Back at the house we chatted with Gábor and Erzsébet, catching up on family news and enjoying a bottle of her dad's red wine. It was interesting to learn that the Hungarian population in Transylvania arouses some resentment within Hungary. The financial and political situation here is currently unstable; many people are losing their jobs, pensions are very low and those in employment cannot afford to retire. Meanwhile, Hungarian communities living in Romania have the right to move to Hungary and it is widely felt that they are given preferential treatment over the resident population with regard to benefits, housing and employment. It sounded very like the misgivings in West Germany after reunification with regard to East Germany.

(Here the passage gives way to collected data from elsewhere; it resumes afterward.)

(* For every $\varepsilon>0$, any deterministic algorithm that, given query access to the distance matrix, estimates the graphic TSP cost (respectively the $(1,2)$-TSP cost) of an $n$-vertex instance to within a factor $(2-\varepsilon)$ requires $\Omega(\varepsilon n^2)$ queries.
   Context: For a connected unweighted undirected graph $G=(V,E)$ with $n\ge 2$ vertices, the graphic TSP cost is $\min \sum_{i=1}^{n} d_G(v_i,v_{i+1})$ over cyclic orderings $(v_1,\dots,v_n)$ of $V$ ($v_{n+1}=v_1$), where $d_G$ is shortest-path distance; the distance matrix has entries $d_G(u,v)$. A $(1,2)$-TSP instance is a metric on $n$ points with all distances between distinct points in $\{1,2\}$, cost defined analogously. Estimating to within a factor $c$ means outputting $X$ with $\mathrm{OPT}\le X\le c\,\mathrm{OPT}$. *)

From HB Require Import structures.
From mathcomp Require Import all_boot all_order all_fingroup all_algebra.
From mathcomp Require Import reals.
Set Implicit Arguments. Unset Strict Implicit. Unset Printing Implicit Defensive.
Import Order.TTheory GRing.Theory Num.Theory.

(* A deterministic algorithm with query access to a distance matrix
   d : V -> V -> nat is a decision tree: at a node it queries the entry d u v
   and branches on the (natural-number) answer; at a leaf it outputs a value. *)
Inductive qtree (V O : Type) : Type :=
  | Leaf of O
  | Ask of V & V & (nat -> qtree V O).
Arguments Leaf {V O}.
Arguments Ask {V O}.

Fixpoint run_output (V O : Type) (d : V -> V -> nat) (t : qtree V O) : O :=
  match t with
  | Leaf x => x
  | Ask u v k => run_output d (k (d u v))
  end.

Fixpoint run_queries (V O : Type) (d : V -> V -> nat) (t : qtree V O) : nat :=
  match t with
  | Leaf _ => 0
  | Ask u v k => (run_queries d (k (d u v))).+1
  end.

Definition tour_cost (n : nat) (d : 'I_n -> 'I_n -> nat) (s : {perm 'I_n}) : nat :=
  \sum_(i < n) d (s i) (s (ordS i)).

Definition tsp_opt (n : nat) (d : 'I_n -> 'I_n -> nat) : nat :=
  \big[minn/tour_cost d 1%g]_(s : {perm 'I_n}) tour_cost d s.

(* length of a shortest e-path from u to v (a path of length k is a k-tuple of
   successive vertices); for connected graphs this is < #|T|. *)
Definition gdist (T : finType) (e : rel T) (u v : T) : nat :=
  find (fun k => [exists p : k.-tuple T, path e u p && (last u p == v)])
       (iota 0 #|T|).

Definition graphic_matrix (n : nat) (d : 'I_n -> 'I_n -> nat) : Prop :=
  exists e : rel 'I_n,
    [/\ symmetric e, irreflexive e, (forall u v, connect e u v)
      & forall u v, d u v = gdist e u v].

(* d is a (1,2)-TSP instance: a metric with all distances between distinct
   points in {1,2} (the triangle inequality then holds automatically) *)
Definition onetwo_matrix (n : nat) (d : 'I_n -> 'I_n -> nat) : Prop :=
  (forall u, d u u = 0%N) /\ (forall u v, d u v = d v u) /\
  (forall u v, u != v -> (d u v == 1%N) || (d u v == 2%N)).

Definition estimates (R : realType) (n : nat) (valid : ('I_n -> 'I_n -> nat) -> Prop)
    (c : R) (t : qtree 'I_n R) : Prop :=
  forall d, valid d ->
    ((tsp_opt d)%:R <= run_output d t)%R /\ (run_output d t <= c * (tsp_opt d)%:R)%R.

Definition query_lower_bound (R : realType) (n : nat)
    (valid : ('I_n -> 'I_n -> nat) -> Prop) (eps bound : R) : Prop :=
  forall t : qtree 'I_n R, estimates valid (2 - eps)%R t ->
    exists d, valid d /\ (bound <= (run_queries d t)%:R)%R.

From HB Require Import structures.
From mathcomp Require Import all_boot all_order all_fingroup all_algebra.
From mathcomp Require Import reals.
From mathcomp Require Import ring lra.
Import Order.TTheory GRing.Theory Num.Theory.
Set Implicit Arguments. Unset Strict Implicit.

(* Proof idea: an adversary argument.  Run the algorithm on a base instance d0
   in which all distances between distinct points are 2, except possibly the
   distances from one hub vertex c (the star graph in the graphic case); its
   optimum is at least 2n - 2.  Let L be the list of queried entries and build
   d1 from d0 by lowering to 1 every distance between distinct points that was
   queried in neither direction.  The algorithm cannot tell d1 from d0, so it
   outputs the same X on both.  Averaging tour costs over all permutations
   shows (n - 1) OPT(d1) <= n(n - 1) + 2|L|; hence if |L| < eps n^2 / 8 the
   single output X cannot lie in [OPT(d0), (2 - eps) OPT(d1)]. *)

Fixpoint qlist (V O : Type) (d : V -> V -> nat) (t : qtree V O) : seq (V * V) :=
  match t with
  | Leaf _ => [::]
  | Ask u v k => (u, v) :: qlist d (k (d u v))
  end.

Lemma size_qlist (V O : Type) (d : V -> V -> nat) (t : qtree V O) :
  size (qlist d t) = run_queries d t.
Proof. by elim: t => //= u v k IH; rewrite IH. Qed.

Lemma run_agree (V : eqType) (O : Type) (d d' : V -> V -> nat) (t : qtree V O) :
  (forall u v, (u, v) \in qlist d t -> d' u v = d u v) ->
  run_output d' t = run_output d t.
Proof.
elim: t => //= u v k IH same.
rewrite same ?mem_head //; apply: IH => x y Hxy; apply: same.
by rewrite in_cons Hxy orbT.
Qed.

Lemma tsp_opt_le (n : nat) (d : 'I_n -> 'I_n -> nat) (s : {perm 'I_n}) :
  tsp_opt d <= tour_cost d s.
Proof. by rewrite /tsp_opt (bigminD1 s) // geq_minl. Qed.

Lemma tsp_opt_ge (n : nat) (d : 'I_n -> 'I_n -> nat) (m : nat) :
  (forall s, m <= tour_cost d s) -> m <= tsp_opt d.
Proof.
move=> H; rewrite /tsp_opt; apply: (big_ind (fun x => m <= x)) => //.
by move=> x y hx hy; rewrite leq_min hx hy.
Qed.

Lemma ordS_neq (n : nat) (i : 'I_n) : 1 < n -> ordS i != i.
Proof.
move=> hn; apply/eqP => /(congr1 val) /=.
case: n i hn => [[]//|n] i hn /=.
have := ltn_ord i; rewrite ltnS leq_eqVlt => /orP [/eqP ->|hi].
  by rewrite modnn; case: n i hn.
by rewrite modn_small // => /eqP; rewrite (gtn_eqF (ltnSn _)).
Qed.

(* Weighted lower bound: if d a b + w a + w b >= 2 for all a != b, then every
   tour costs at least 2n - 2 (sum of w); each tour edge pays for itself. *)
Lemma tour_cost_weight_lb (n : nat) (d : 'I_n -> 'I_n -> nat) (w : 'I_n -> nat) :
  1 < n -> (forall a b, a != b -> 2 <= d a b + w a + w b) ->
  forall s, 2 * n <= tour_cost d s + 2 * \sum_a w a.
Proof.
move=> hn H s.
have w_s : \sum_(i < n) w (s i) = \sum_a w a.
  by rewrite [RHS](reindex_inj (@perm_inj _ s)).
have w_sS : \sum_(i < n) w (s (ordS i)) = \sum_a w a.
  by rewrite [RHS](reindex_inj (inj_comp (@perm_inj _ s) (@ordS_inj n))).
have : \sum_(i < n) 2 <= \sum_(i < n) (d (s i) (s (ordS i)) + w (s i) + w (s (ordS i))).
  by apply: leq_sum => i _; apply: H; rewrite (inj_eq perm_inj) eq_sym ordS_neq.
by rewrite !big_split /= w_s w_sS sum_nat_const card_ord /tour_cost mulnC -addnA addnn -mul2n.
Qed.

Definition perm_fiber (n : nat) (i j a b : 'I_n) : {set {perm 'I_n}} :=
  [set s : {perm 'I_n} | (s i == a) && (s j == b)].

We were intrigued to learn that a lot of Hungarian doctors reputedly fly to Britain for the weekend to work in British hospitals where they can earn more in two days than they can all week working in Hungary. Presumably this has happened since the "new deal" for British doctors whereby it is no longer compulsory for them to work at weekends.

Too soon it was time to leave our friends and return to Modestine to sleep in the garden with the family dog. We declined their invitation to join them for breakfast at 5am this morning before they set off for work. They do work very hard indeed here and they are both at their desks by 6am, Gábor in the Györ regional authority offices and Erzsébet in the county library. Lovely as their home is in the summer months, they said during the winter they only ever see it in daylight at the weekends as they are rarely home before 6pm.

This morning we locked up the house after breakfast and drove north out of Hungary and into Slovakia. As always it was with a sense of regret that we left Hungary behind. It is a small, warm, welcoming, friendly country, very individual, right in the centre of Europe. Once a huge empire the country has shrunk and is now surrounded by mainly Slav speaking countries that were once part of Hungary. As we travelled along the quiet roads across the fields of Slovakia it was obviously very like Hungary in the style of its architecture and villages. We had noticed the similarity too in Croatia south of Pécs, also once part of Hungary.